One, Auto-Encoder (AE)
The purpose of the autoencoder is to train itself, and its input and output are the same. For example, a 28*28 black and white handwritten digital picture (single channel), if expressed in matrix form, the really useful features are the places where the value is 1, and their positions in the matrix space. Whereas most of the edge parts are 0, they are redundant features for a specific task.
If you do not use CNN for feature extraction, the common method is to amortize the matrix into a 784-dimensional vector, and then instantiate this vector into a Tensor as the input of the neural network. The purpose of AE is to compress this 784-dimensional vector into a low-dimensional vector. This low-dimensional vector needs to be able to represent the 784-dimensional input of the original input.

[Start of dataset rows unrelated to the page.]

(* $\mathcal D_{(11,0,1)}$ is a variety biregular to $\mathbb P^2\times\mathbb P^1$; in particular it is irreducible and smooth. The same holds for $\mathcal D_{(1,0,11)}$.
   Context: $\mathbb P^7$ is the projective space of nonzero polynomials $\sum_{0\le i,j\le2,(i,j)\ne(2,2)}a_{ij}z^iw^j$ up to scalars. $\mathcal D_{(11,0,1)}\subset\mathbb P^7$ is the set of classes of nonzero cubics $(a_1z+c_1)(a_2z+c_2)(b_3w+c_3)$, and $\mathcal D_{(1,0,11)}\subset\mathbb P^7$ the set of classes of nonzero cubics $(a_1z+c_1)(b_2w+c_2)(b_3w+c_3)$ (complex parameters). *)

From HB Require Import structures.
From mathcomp Require Import all_boot all_algebra.
From mathcomp Require Import complex reals.
From mathcomp Require Import mpoly.
Set Implicit Arguments. Unset Strict Implicit. Unset Printing Implicit Defensive.
Import GRing.Theory.
Local Open Scope ring_scope.

Section ProjectiveGeometry.
Variable F : fieldType.

(* Homogeneous coordinates: a point of P^n is represented by a vector
   v : 'I_n.+1 -> F which is nonzero; two representatives define the same
   point iff they are proportional. *)
Definition nonzero_vec (n : nat) (v : 'I_n -> F) : Prop := exists i, v i != 0.

Definition proj_eq (n : nat) (v w : 'I_n -> F) : Prop :=
  exists2 l : F, l != 0 & forall i, w i = l * v i.

Definition homog_poly (n : nat) (d : nat) (p : {mpoly F[n]}) : bool :=
  p \is d.-homog.

Definition proj_closed (n : nat) (X : ('I_n.+1 -> F) -> Prop) : Prop :=
  exists s : seq {mpoly F[n.+1]},
    (forall p, p \in s -> exists d, homog_poly d p) /\
    forall v, nonzero_vec v -> (X v <-> forall p, p \in s -> p.@[v] = 0).

Definition regular_from_proj (n m : nat) (X : ('I_n.+1 -> F) -> Prop)
    (f : ('I_n.+1 -> F) -> ('I_m.+1 -> F)) : Prop :=
  forall x, nonzero_vec x -> X x ->
    exists d : nat, exists g : 'I_m.+1 -> {mpoly F[n.+1]},
      (forall k, homog_poly d (g k)) /\
      nonzero_vec (fun k => (g k).@[x]) /\
      forall y, nonzero_vec y -> X y -> nonzero_vec (fun k => (g k).@[y]) ->
        proj_eq (f y) (fun k => (g k).@[y]).

(* P^2 x P^1: pairs of representatives; bihomogeneous polynomials are
   polynomials in 5 variables, the first 3 being coordinates on P^2 and the
   last 2 coordinates on P^1. *)
Definition concat32 (x : 'I_3 -> F) (y : 'I_2 -> F) : 'I_5 -> F :=
  fun i => match @split 3 2 i with inl j => x j | inr j => y j end.

Definition bihomog_poly (a b : nat) (p : {mpoly F[5]}) : Prop :=
  forall m : 'X_{1..5}, m \in msupp p ->
    (\sum_(i < 5 | (i < 3)%N) m i)%N = a /\ (\sum_(i < 5 | (3 <= i)%N) m i)%N = b.

Definition regular_from_P2P1 (m : nat)
    (f : ('I_3 -> F) -> ('I_2 -> F) -> ('I_m.+1 -> F)) : Prop :=
  forall x y, nonzero_vec x -> nonzero_vec y ->
    exists a b : nat, exists g : 'I_m.+1 -> {mpoly F[5]},
      (forall k, bihomog_poly a b (g k)) /\
      nonzero_vec (fun k => (g k).@[concat32 x y]) /\
      forall x' y', nonzero_vec x' -> nonzero_vec y' ->
        nonzero_vec (fun k => (g k).@[concat32 x' y']) ->
        proj_eq (f x' y') (fun k => (g k).@[concat32 x' y']).

Definition biregular_to_P2P1 (n : nat) (X : ('I_n.+1 -> F) -> Prop) : Prop :=
  proj_closed X /\
  exists (phi : ('I_3 -> F) -> ('I_2 -> F) -> ('I_n.+1 -> F))
         (psi1 : ('I_n.+1 -> F) -> ('I_3 -> F))
         (psi2 : ('I_n.+1 -> F) -> ('I_2 -> F)),
    [/\ regular_from_P2P1 phi,
        regular_from_proj X psi1,
        regular_from_proj X psi2,
        (forall x y, nonzero_vec x -> nonzero_vec y ->
           X (phi x y) /\ proj_eq (psi1 (phi x y)) x /\ proj_eq (psi2 (phi x y)) y)
      & (forall v, nonzero_vec v -> X v -> proj_eq (phi (psi1 v) (psi2 v)) v)].

(* P^7: classes of nonzero polynomials sum_{0<=i,j<=2, (i,j)<>(2,2)} a_ij z^i w^j.
   Coordinate k : 'I_8 is the coefficient a_ij of z^i w^j with i = k %/ 3,
   j = k %% 3, i.e. the order (0,0),(0,1),(0,2),(1,0),(1,1),(1,2),(2,0),(2,1). *)
Definition zw_monom (k : 'I_8) : 'X_{1..2} :=
  [multinom (if (i == 0 :> nat) then (k %/ 3)%N else (k %% 3)%N) | i < 2].

Definition coef_vec (p : {mpoly F[2]}) : 'I_8 -> F := fun k => p@_(zw_monom k).

Definition Z : {mpoly F[2]} := 'X_(ord0 : 'I_2).
Definition W : {mpoly F[2]} := 'X_(ord_max : 'I_2).

Definition D_11_0_1 (v : 'I_8 -> F) : Prop :=
  exists a1 c1 a2 c2 b3 c3 : F,
    let p := (a1 *: Z + c1%:MP) * (a2 *: Z + c2%:MP) * (b3 *: W + c3%:MP) in
    p != 0 /\ proj_eq (coef_vec p) v.

Definition D_1_0_11 (v : 'I_8 -> F) : Prop :=
  exists a1 c1 b2 c2 b3 c3 : F,
    let p := (a1 *: Z + c1%:MP) * (b2 *: W + c2%:MP) * (b3 *: W + c3%:MP) in
    p != 0 /\ proj_eq (coef_vec p) v.

End ProjectiveGeometry.

From HB Require Import structures.
From mathcomp Require Import all_boot all_algebra.
From mathcomp Require Import complex reals.
From mathcomp Require Import mpoly.
From mathcomp Require Import ring zify.
Set Implicit Arguments. Unset Strict Implicit. Unset Printing Implicit Defensive.
Import GRing.Theory.
Local Open Scope ring_scope.

(* Over an algebraically closed field every binary quadratic splits into
   linear factors, so D_(11,0,1) is the set of classes of products q(z) l(w)
   with deg q <= 2 and deg l <= 1.  In coefficients the cubic q(z) l(w) is the
   3x2 matrix (q_i l_j) placed in six coordinates of P^7, the other two being
   zero: D_(11,0,1) is the image of the Segre embedding of P^2 x P^1.  It is
   cut out by those two coordinates and the 2x2 minors of the matrix, and q and
   l are recovered, up to scalars, as a nonzero column and a nonzero row.
   D_(1,0,11) is the same with z and w exchanged. *)

Section ProjectiveEquivalence.
Variables (F : fieldType) (n : nat).
Implicit Types v w u : 'I_n -> F.

Lemma eqfun_proj_eq v w : v =1 w -> proj_eq v w.
Proof. by move=> vw; exists 1; rewrite ?oner_neq0 // => i; rewrite mul1r vw. Qed.

Lemma proj_eq_sym v w : proj_eq v w -> proj_eq w v.
Proof.
case=> l l_neq0 wl; exists l^-1; first by rewrite invr_neq0.
by move=> i; rewrite wl mulKf.
Qed.

Lemma proj_eq_trans u v w : proj_eq u v -> proj_eq v w -> proj_eq u w.
Proof.
case=> l l_neq0 vl [l' l'_neq0 wl']; exists (l' * l); first by rewrite mulf_neq0.
by move=> i; rewrite wl' vl mulrA.
Qed.

End ProjectiveEquivalence.

Lemma rank_one_factor (F : fieldType) (I J : Type) (A : I -> J -> F) i0 j0 :
  A i0 j0 != 0 -> (forall i i' j j', A i j * A i' j' = A i j' * A i' j) ->
  forall i j, A i j = A i j0 * (A i0 j / A i0 j0).
Proof.
move=> A00 minors i j; apply: (mulIf A00).
by rewrite minors -mulrA divfK.
Qed.

Section CoordinateLines.
Variables (F : fieldType) (N p r : nat) (c : 'I_p.+1 -> 'I_r.+1 -> 'I_N.+1).
Implicit Types v : 'I_N.+1 -> F.

Definition line_factors v (w : 'I_p.+1 -> F) (u : 'I_r.+1 -> F) : Prop :=
  forall t i, v (c t i) = w t * u i.

Definition pick_line v : 'I_r.+1 -> F :=
  let t := odflt ord0 [pick t | [exists i, v (c t i) != 0]] in fun i => v (c t i).

Lemma proj_eq_line v w u t : line_factors v w u -> (exists i, v (c t i) != 0) ->
  proj_eq u (fun i => v (c t i)).
Proof.
move=> vwu [i vti_neq0]; exists (w t); last by move=> j; rewrite vwu.
by apply: contraNneq vti_neq0 => wt0; rewrite vwu wt0 mul0r.
Qed.

Lemma proj_eq_pick_line v w u : line_factors v w u -> (exists t i, v (c t i) != 0) ->
  proj_eq u (pick_line v).
Proof.
move=> vwu [t0 [i0 vti0_neq0]]; rewrite /pick_line.
case: pickP => [t /existsP | none]; first exact: proj_eq_line.
by case/negP: (negbT (none t0)); apply/existsP; exists i0.
Qed.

For example: the handwritten digital picture is 5 pictures, and after amortized to 784 dimensions, AE is used to reduce the dimension, and a 20-dimensional vector is obtained. Assuming that the original picture obeys a 784-dimensional Gaussian distribution, after learning through AE, it becomes Becomes a Gaussian distribution that obeys 20 dimensions. Similarly, a picture with a handwritten digital picture of 6 will also be compressed into a Gaussian distribution that obeys 20 dimensions. But note that although pictures 5 and 6 both obey the Gaussian distribution with a dimension of 20, their mean vector and variance vector must be significantly different. Note: In fact, the code encoding vector distribution of AE is unknown, and it is assumed to obey the Gaussian distribution here.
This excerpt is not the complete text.